I had and unwelcome, as always, bout of depression the other night. Thankfully it was short-lived, but in the moment it always seems like it will last forever (such is the nature of “Permanence”).
I’ve started a real full-time job for the first time in my life, and after being conflicted for a few weeks about whether or not I should quit, I’ve decided to stay. At one point I was 99% sure I was going to quit, and I was sure the universe would give me a sign as to what to do next, but it didn’t. So I took that as the sign. Maybe I needed to actually quit to be truly perceptive to other opportunities, but I think this will be good. Besides, I was recently given a project that will draw more heavily on my knowledge of psychology, fun fun fun.
What I’ve discovered is that lately, routine has been good for me. I think what is benefiting me the most is 1. getting up early, and 2. having no time to do much else than work. It’s forcing me to prioritize, and make time for what I need in my life.
I’ve always been more productive when I’ve been busy (and therefore happier), but for some reason I resist being busy — I don’t readily engage in activity.
There have been mornings when I just really didn’t want to get up. I wanted just this one day off. But I got up and went to work anyway, and I think it’s helped me prove to myself that I am capable of self-discipline. And if I’m capable of self-discipline, I’m capable of achieving goals. That means that my dreams have a chance of coming true, which means that it’s realistic to strive for happiness. And so I can plan.
It also means that I have the capability to escape depression when a certain pressure is applied — that that pressure is currently work doesn’t really matter at this point. I have the capacity to keep moving, even when I don’t want to.
I’d discovered a while ago that when I don’t have a job and I wake up depressed and not wanting to get out of bed, it’s a bad idea to act on that desire. But that knowledge is being consolidated these days, and the consequences of doing the opposite of what I want in that instance are becoming clearer, and they are good.
When you act on the desire to stay in bed, you’re giving into your fear. You’re focusing on everything in the world that you don’t want, so you don’t want to bother. But you know that you don’t want to stay in bed either, so neither decision is really desirable.
When you decide to do anything to keep moving, you’re forced to focus on something. With your attention pulled in one direction, you realize that this is better than wallowing in your misery, and sometimes you might even realize that [insert activity here] would be even more fun. You’ve begun to identify a goal.

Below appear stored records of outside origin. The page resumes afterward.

(* If $G$ is a $(3,2)$-critical graph that contains at least three odd cycles, then there exist two odd cycles of $G$ whose intersection is a path with at least one edge.
   Context: All graphs are finite and simple. An odd cycle is a cycle (subgraph) of odd length. For a graph $G$, ${\rm es}_{\chi}(G)$ is the minimum number of edges of $G$ whose removal results in a spanning subgraph $G_1$ with $\chi(G_1)=\chi(G)-1$. $G$ is edge-stability critical if ${\rm es}_{\chi}(G-e)<{\rm es}_{\chi}(G)$ for every edge $e$. $G$ is $(3,2)$-critical if it is edge-stability critical with $\chi(G)=3$ and ${\rm es}_{\chi}(G)=2$. *)

(* A finite simple graph is given by a vertex finType T and
   an edge set E : {set {set T}} whose elements are 2-element sets. *)
From mathcomp Require Import all_boot.
Set Implicit Arguments. Unset Strict Implicit. Unset Printing Implicit Defensive.

Section Graphs.
Variable T : finType.

Definition simple_graph (E : {set {set T}}) : Prop :=
  forall e, e \in E -> #|e| = 2.

Definition colorable (E : {set {set T}}) (k : nat) : bool :=
  [exists f : {ffun T -> 'I_k},
     [forall e in E, forall x in e, forall y in e, (x != y) ==> (f x != f y)]].

(* chromatic number: least k such that E is k-colourable (vertex set T;
   #|T| colours always suffice for a simple graph) *)
Definition chi (E : {set {set T}}) : nat :=
  \big[minn/#|T|]_(k < #|T|.+1 | colorable E k) (k : nat).

(* es_chi: least number of edges F whose removal gives a spanning subgraph
   with chromatic number chi(E) - 1 (default #|E|+1 if no such F exists) *)
Definition es_chi (E : {set {set T}}) : nat :=
  \big[minn/#|E|.+1]_(F : {set {set T}} |
        (F \subset E) && (chi (E :\: F) == (chi E).-1)) #|F|.

Definition es_critical (E : {set {set T}}) : Prop :=
  forall e, e \in E -> es_chi (E :\ e) < es_chi E.

Definition crit32 (E : {set {set T}}) : Prop :=
  [/\ es_critical E, chi E = 3 & es_chi E = 2].

Definition cycle_edges (s : seq T) : {set {set T}} :=
  [set [set x; next s x] | x in s].

Definition is_cycle (E : {set {set T}}) (C : {set {set T}}) : Prop :=
  exists s : seq T, [/\ uniq s, 3 <= size s, C = cycle_edges s & C \subset E].

Definition odd_cycle (E : {set {set T}}) (C : {set {set T}}) : Prop :=
  is_cycle E C /\ odd #|C|.

Definition verts (C : {set {set T}}) : {set T} := cover C.

Definition is_path_graph (V : {set T}) (F : {set {set T}}) : Prop :=
  exists p : seq T, [/\ uniq p, 2 <= size p, V = [set x in p] &
     F = [set e in [seq [set xy.1; xy.2] | xy <- zip p (behead p)]]].

End Graphs.

(* Two distinct odd cycles C and D sharing an edge, with an edge of D outside C,
   give an ear of C: walking along D away from that edge until C is reached on
   both sides yields a path with both ends on C and no other vertex or edge in C.
   Its ends cut C into two arcs of different parities, so the ear closes an odd
   cycle with one of them, and that cycle meets C exactly in this arc.
   If instead the three given odd cycles are pairwise edge-disjoint, delete an
   edge e of the first: removing at most one more edge leaves one of the other
   two cycles intact, so the chromatic number cannot drop from 3, whence
   es_chi (E - e) >= 2 = es_chi E, contradicting criticality. *)

From HB Require Import structures.
From mathcomp Require Import all_boot.
Set Implicit Arguments. Unset Strict Implicit. Unset Printing Implicit Defensive.

(* Lets [bigD1] isolate a term of the minimum defining [chi]. *)
HB.instance Definition _ := SemiGroup.isComLaw.Build nat minn minnA minnC.

Section Colorings.
Variable T : finType.
Implicit Types (E F : {set {set T}}) (k : nat).

Lemma colorableP E k :
  reflect (exists f : {ffun T -> 'I_k},
             forall e, e \in E -> {in e &, forall x y, x != y -> f x != f y})
          (colorable E k).
Proof.
apply: (iffP existsP) => -[f Hf]; exists f.
  move=> e eE x y xe ye.
  exact/implyP/(implyP (forallP (implyP (forallP (implyP (forallP Hf e) eE) x) xe) y)).
apply/forallP => e; apply/implyP => eE; apply/forallP => x; apply/implyP => xe.
by apply/forallP => y; apply/implyP => ye; apply/implyP; exact: (Hf e eE x y xe ye).
Qed.

Lemma colorable_card E : colorable E #|T|.
Proof.
apply/colorableP; exists [ffun x => enum_rank x] => e _ x y _ _ nxy.
by rewrite !ffunE; apply: contra nxy => /eqP /enum_rank_inj ->.
Qed.

Lemma colorable_le E k k' : k <= k' -> colorable E k -> colorable E k'.
Proof.
move=> lekk' /colorableP [f Hf]; apply/colorableP.
exists [ffun x => widen_ord lekk' (f x)] => e eE x y xe ye nxy; rewrite !ffunE.
by apply: contra (Hf e eE x y xe ye nxy) => /eqP [] /val_inj ->.
Qed.

Lemma colorable_subset E F k : F \subset E -> colorable E k -> colorable F k.
Proof.
by move=> sFE /colorableP [f Hf]; apply/colorableP; exists f => e /(subsetP sFE); apply: Hf.
Qed.

Lemma chi_colorable E : colorable E (chi E).
Proof.
apply: (big_ind (colorable E)) => //; first exact: colorable_card.
by move=> k k' Hk Hk'; rewrite /minn; case: ifP.
Qed.

Lemma chi_min E k : colorable E k -> chi E <= k.
Proof.
move=> Ek; have [ltkT|leTk] := ltnP k #|T|.+1.
  by rewrite /chi (bigD1 (Ordinal ltkT)) //= geq_minl.
apply: leq_trans (ltnW leTk); rewrite /chi.
apply: (big_ind (fun m => m <= #|T|)) => // [m m' le_m _|i _]; last by rewrite -ltnS.
exact: leq_trans (geq_minl m m') le_m.
Qed.

Lemma chi_subset E F : F \subset E -> chi F <= chi E.
Proof. by move=> sFE; apply/chi_min/(colorable_subset sFE)/chi_colorable. Qed.

Lemma chi_gt2 E : ~~ colorable E 2 -> 2 < chi E.
Proof.
by rewrite ltnNge; apply: contra => le_chi2; apply: colorable_le le_chi2 (chi_colorable E).
Qed.

End Colorings.

Lemma split_first_last (X : eqType) (P : pred X) l y0 z0 :
  y0 \in l -> z0 \in l -> P y0 -> P z0 -> y0 != z0 ->
  exists w2 y m x w1, [/\ l = w2 ++ y :: m ++ x :: w1, P y, P x, ~~ has P w2 & ~~ has P w1].
Proof.
move=> y0l z0l Py0 Pz0 y0z0; have hl : has P l by apply/hasP; exists y0.
move: y0l z0l; case/split_find: hl => y w2 m Py w2P y0l z0l.
have [q [ql Pq qy]] : exists q, [/\ q \in rcons w2 y ++ m, P q & q != y].
  by case: (eqVneq y0 y) => [Dy|y0y]; [exists z0; split; rewrite // eq_sym -Dy | exists y0].
have hm : has P (rev m).
  rewrite has_rev; apply/hasP; exists q => //.
  move: ql; rewrite cat_rcons mem_cat inE (negbTE qy) /= => /orP [qw2|//].
  by move/hasPn: w2P => /(_ q qw2); rewrite Pq.
move Drm : (rev m) hm => rm hm; case/split_find: hm Drm => x w1 m1 Px w1P /(congr1 rev).
rewrite revK rev_cat rev_rcons => ->.
exists w2, y, (rev m1), x, (rev w1); split; rewrite ?has_rev //.
by rewrite cat_rcons.
Qed.

Lemma disjoint_card_le1 (aT : finType) (A B F : {set aT}) :
  [disjoint A & B] -> #|F| <= 1 -> [disjoint A & F] \/ [disjoint B & F].
Proof.
rewrite -!setI_eq0 => dAB F_le1.
have [dAF|/set0Pn [f1 /setIP [f1A f1F]]] := eqVneq (A :&: F) set0; [by left | right].
apply/eqP/setP => f2; rewrite !inE; apply/andP => -[f2B f2F].
have := card_le1P F_le1 f1 f1F f2; rewrite f2F inE => /esym /eqP ef.
by move/eqP/setP: dAB => /(_ f1); rewrite !inE f1A -ef f2B.
Qed.

Section Cycles.
Variable T : finType.
Implicit Types (s t p : seq T) (x y z : T).

Definition path_edges p : {set {set T}} :=
  [set e in [seq [set xy.1; xy.2] | xy <- zip p (behead p)]].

When you focus on what you don’t want, you get more of that. You need to rewire your train of thought into positive, vision-oriented thinking. You dream a little bit, you act a little bit, and you inch towards a better life — it’s how it works. Getting out of bed won’t guarantee that you’ll have fun, but focusing on moving, even if that means watching your feet as you walk around the block, is progress towards progress — you’ve begun to rewire your brain to favor activity. One step away from depression, one step towards happiness.